• [What to work on]: In the entries below, find the line with "rewrite /= big_nat_recl" and the line with "have := congr1"; give again those lines and every line between them, exactly.

• [Given records]:
□ □ □ □ □ □ □

(* For all integers $m,n\ge 0$, \[ S(m,n)=(-1)^m\sum_{P\in\mathcal{P}_{m+n}}(-1)^{h_{2m}(P)}, \] where $S(m,n)=\frac{(2m)!\,(2n)!}{m!\,n!\,(m+n)!}$.
   Context: For an integer $N\ge 0$, $\mathcal{P}_N$ denotes the set of all lattice paths $P=(P_0,P_1,\dots,P_{2N})$ from $P_0=(0,0)$ to $P_{2N}=(N,N)$ consisting of unit steps to the right (adding $(1,0)$) and up (adding $(0,1)$). For $0\le k\le 2N$, $h_k(P)$ denotes the $y$-coordinate of $P_k$, i.e. the height of $P$ after its $k$-th step. *)

From HB Require Import structures.
From mathcomp Require Import all_boot all_order all_algebra.
Set Implicit Arguments. Unset Strict Implicit. Unset Printing Implicit Defensive.
Import Order.TTheory GRing.Theory Num.Theory.

(* A lattice path P in P_N is encoded by its sequence of 2N unit steps:
   [true] = up step (0,1), [false] = right step (1,0).  The path starts at
   (0,0); it ends at (N,N) iff it has exactly N up steps (hence N right steps). *)
Definition lattice_path (N : nat) (t : (2 * N).-tuple bool) : bool :=
  count id t == N.

(* h_k(P): the y-coordinate of P_k = number of up steps among the first k steps. *)
Definition height (s : seq bool) (k : nat) : nat := count id (take k s).

Definition superCatalan (m n : nat) : rat :=
  (((2 * m)`! * (2 * n)`!)%:R / (m`! * n`! * (m + n)`!)%:R)%R.

(* Weight an up step by X, negated when it is among the first 2m steps.  Summing
   the product of the weights over all step sequences factors as
   (1 - X)^(2m) (1 + X)^(2n), so the signed count of paths is a coefficient of
   this polynomial.  Because (1 + X)^2 - (1 - X)^2 = 4X, these coefficients obey
   T(m+1, n) = 4 T(m, n) - T(m, n+1), which S also obeys, and both start from the
   central binomial coefficient C(2n, n) at m = 0. *)

From mathcomp Require Import all_boot all_order all_algebra ring.
Import GRing.Theory Num.Theory.
Local Open Scope ring_scope.

Lemma sum_tuple_prod (R : comPzSemiRingType) (T : finType) (L : nat)
    (F : 'I_L -> T -> R) :
  \sum_(t : L.-tuple T) \prod_(i < L) F i (tnth t i)
  = \prod_(i < L) \sum_(x : T) F i x.
Proof.
rewrite bigA_distr_bigA (reindex (fun t : L.-tuple T => [ffun i => tnth t i])).
  by apply: eq_bigr => t _; apply: eq_bigr => i _; rewrite ffunE.
exists (fun f : {ffun 'I_L -> T} => [tuple f i | i < L]) => [t _|f _].
  by apply: eq_from_tnth => i; rewrite tnth_mktuple ffunE.
by apply/ffunP => i; rewrite ffunE tnth_mktuple.
Qed.

Section HeightGeneratingFunction.

Variable R : comNzRingType.

Definition step_weight (k i : nat) (up : bool) : {poly R} :=
  if up then (if (i < k)%N then - 'X else 'X) else 1.

Lemma step_weightS k i up : step_weight k i.+1 up = step_weight k.-1 i up.
Proof. by case: k. Qed.

Lemma prod_step_weight (s : seq bool) (k : nat) :
  \prod_(0 <= i < size s) step_weight k i (nth false s i)
  = (-1) ^+ height s k *: 'X^(count id s).
Proof.
elim: s k => [|up s IHs] k; first by rewrite big_nil scale1r expr0.
rewrite /= big_nat_recl //; under eq_bigr do rewrite step_weightS.
rewrite IHs /height; case: up; case: k => [|k] /=; rewrite /step_weight /= ?take0.
- by rewrite expr0 !scale1r -exprS.
- by rewrite !add1n [(-1) ^+ _.+1]exprS mulN1r scaleNr mulNr -scalerAr -exprS.
- by rewrite mul1r.
- by rewrite mul1r.
Qed.

Lemma prod_step_weight_sum (L k : nat) : (k <= L)%N ->
  \prod_(i < L) \sum_(up : bool) step_weight k i up
  = (1 - 'X) ^+ k * (1 + 'X) ^+ (L - k).
Proof.
move=> le_kL; rewrite -(big_mkord xpredT (fun i => \sum_up step_weight k i up)).
rewrite (big_cat_nat (leq0n k) le_kL) /=.
rewrite -[in (1 - 'X) ^+ k](subn0 k) -!prodr_const_nat.
congr (_ * _); apply: eq_big_nat => i /andP[lo hi]; rewrite big_bool /step_weight.
  by rewrite hi addrC.
by rewrite ltnNge lo addrC.
Qed.

Lemma sum_sign_height (L k N : nat) : (k <= L)%N ->
  \sum_(t : L.-tuple bool | count id t == N) (-1) ^+ height t k
  = ((1 - 'X) ^+ k * (1 + 'X) ^+ (L - k) : {poly R})`_N.
Proof.
move=> le_kL; rewrite -prod_step_weight_sum // -sum_tuple_prod coef_sum big_mkcond.
apply: eq_bigr => t _.
have -> : \prod_(i < L) step_weight k i (tnth t i)
        = \prod_(0 <= i < size t) step_weight k i (nth false t i).
  by rewrite size_tuple big_mkord; apply: eq_bigr => i _; rewrite (tnth_nth false).
by rewrite prod_step_weight coefZ coefXn eq_sym; case: eqP; rewrite ?mulr1 ?mulr0.
Qed.

Definition sign_gf (m n : nat) : {poly R} := (1 - 'X) ^+ (2 * m) * (1 + 'X) ^+ (2 * n).

Definition path_sign_sum (m n : nat) : R := (-1) ^+ m * (sign_gf m n)`_(m + n).

Lemma sign_gfSr_subSl m n : sign_gf m n.+1 - sign_gf m.+1 n = sign_gf m n * 'X *+ 4.
Proof.
rewrite /sign_gf !mulnS !exprD; ring.
Qed.

Lemma path_sign_sumSl m n :
  path_sign_sum m.+1 n = path_sign_sum m n *+ 4 - path_sign_sum m n.+1.
Proof.
have := congr1 (coefp (m + n).+1) (sign_gfSr_subSl m n).
rewrite /= coefB coefMn coefMX /= => /eqP; rewrite subr_eq addrC -subr_eq => /eqP.
rewrite /path_sign_sum addSn addnS => <-.
by rewrite exprS mulN1r mulNr mulrBr opprB mulrnAr.
Qed.

Lemma path_sign_sum0n n : path_sign_sum 0 n = 'C(2 * n, n)%:R.
Proof.
rewrite /path_sign_sum /sign_gf !mul1r add0n addrC exprD1n coef_sum.
have lt_n_2n : (n < (2 * n).+1)%N by rewrite ltnS leq_pmull.
rewrite (bigD1 (Ordinal lt_n_2n)) //= coefMn coefXn eqxx big1 ?addr0 //.
move=> i ne_in; rewrite coefMn coefXn.
by case: eqP => [eq_in|]; [case/eqP: ne_in; apply: val_inj | rewrite mul0rn].
Qed.

End HeightGeneratingFunction.

Lemma natr_fact_neq0 k : k`!%:R != 0 :> rat.
Proof. by rewrite pnatr_eq0 -lt0n fact_gt0. Qed.

Lemma superCatalan0n n : superCatalan 0 n = 'C(2 * n, n)%:R.
Proof.
have le_n_2n : (n <= 2 * n)%N by rewrite leq_pmull.
rewrite /superCatalan mul1n add0n -{1}(bin_fact le_n_2n).
have -> : (2 * n - n = n)%N by rewrite mul2n -addnn addnK.
by rewrite fact0 mul1n natrM mulfK // natrM mulf_neq0 ?natr_fact_neq0.
Qed.

Lemma superCatalanC m n : superCatalan m n = superCatalan n m.
Proof. by rewrite /superCatalan mulnC addnC [(m`! * _)%N]mulnC. Qed.

Lemma superCatalanSl m n :
  superCatalan m.+1 n * (m + n).+1%:R = superCatalan m n * (2 * (2 * m).+1)%:R.
Proof.
rewrite /superCatalan mulnS add2n addSn !factS !natrM.
field; by rewrite !natr_fact_neq0 -!natrD -!(natrD _ 1) !pnatr_eq0.
Qed.

Lemma superCatalanSr m n :
  superCatalan m n.+1 * (m + n).+1%:R = superCatalan m n * (2 * (2 * n).+1)%:R.
Proof. by rewrite superCatalanC addnC superCatalanSl superCatalanC. Qed.

Lemma superCatalanS m n :
  superCatalan m.+1 n = superCatalan m n *+ 4 - superCatalan m n.+1.
Proof.
have nz : (m + n).+1%:R != 0 :> rat by rewrite pnatr_eq0.
apply: (mulIf nz); rewrite mulrBl mulrnAl superCatalanSl superCatalanSr.
apply/eqP; rewrite eq_sym subr_eq -mulrnAr -mulrDr; apply/eqP; congr (_ * _).
rewrite -natrD -mulr_natr -natrM; congr (_%:R); ring.
Qed.

Lemma path_sign_sum_superCatalan m n : path_sign_sum rat m n = superCatalan m n.
Proof.
elim: m n => [|m IHm] n; first by rewrite path_sign_sum0n superCatalan0n.
by rewrite path_sign_sumSl superCatalanS !IHm.
Qed.

Theorem mainTheorem1 (m n : nat) :
  superCatalan m n =
  ((-1) ^+ m * \sum_(t : (2 * (m + n)).-tuple bool | lattice_path t)
                 (-1) ^+ (height t (2 * m)) :> rat)%R.
Proof.
have le_2m : (2 * m <= 2 * (m + n))%N by rewrite leq_mul2l leq_addr orbT.
rewrite -path_sign_sum_superCatalan /path_sign_sum /sign_gf sum_sign_height //.
by rewrite mulnDr addKn.
Qed.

□ □ □ □ □ □ □

• [Output of the exercise]:
rewrite /= big_nat_recl //; under eq_bigr do rewrite step_weightS.
rewrite IHs /height; case: up; case: k => [|k] /=; rewrite /step_weight /= ?take0.
- by rewrite expr0 !scale1r -exprS.
- by rewrite !add1n [(-1) ^+ _.+1]exprS mulN1r scaleNr mulNr -scalerAr -exprS.
- by rewrite mul1r.
- by rewrite mul1r.
Qed.

Lemma prod_step_weight_sum (L k : nat) : (k <= L)%N ->
  \prod_(i < L) \sum_(up : bool) step_weight k i up
  = (1 - 'X) ^+ k * (1 + 'X) ^+ (L - k).
Proof.
move=> le_kL; rewrite -(big_mkord xpredT (fun i => \sum_up step_weight k i up)).
rewrite (big_cat_nat (leq0n k) le_kL) /=.
rewrite -[in (1 - 'X) ^+ k](subn0 k) -!prodr_const_nat.
congr (_ * _); apply: eq_big_nat => i /andP[lo hi]; rewrite big_bool /step_weight.
  by rewrite hi addrC.
by rewrite ltnNge lo addrC.
Qed.

Lemma sum_sign_height (L k N : nat) : (k <= L)%N ->
  \sum_(t : L.-tuple bool | count id t == N) (-1) ^+ height t k
  = ((1 - 'X) ^+ k * (1 + 'X) ^+ (L - k) : {poly R})`_N.
Proof.
move=> le_kL; rewrite -prod_step_weight_sum // -sum_tuple_prod coef_sum big_mkcond.
apply: eq_bigr => t _.
have -> : \prod_(i < L) step_weight k i (tnth t i)
        = \prod_(0 <= i < size t) step_weight k i (nth false t i).
  by rewrite size_tuple big_mkord; apply: eq_bigr => i _; rewrite (tnth_nth false).
by rewrite prod_step_weight coefZ coefXn eq_sym; case: eqP; rewrite ?mulr1 ?mulr0.
Qed.

Definition sign_gf (m n : nat) : {poly R} := (1 - 'X) ^+ (2 * m) * (1 + 'X) ^+ (2 * n).

Definition path_sign_sum (m n : nat) : R := (-1) ^+ m * (sign_gf m n)`_(m + n).

Lemma sign_gfSr_subSl m n : sign_gf m n.+1 - sign_gf m.+1 n = sign_gf m n * 'X *+ 4.
Proof.
rewrite /sign_gf !mulnS !exprD; ring.
Qed.

Lemma path_sign_sumSl m n :
  path_sign_sum m.+1 n = path_sign_sum m n *+ 4 - path_sign_sum m n.+1.
Proof.
have := congr1 (coefp (m + n).+1) (sign_gfSr_subSl m n).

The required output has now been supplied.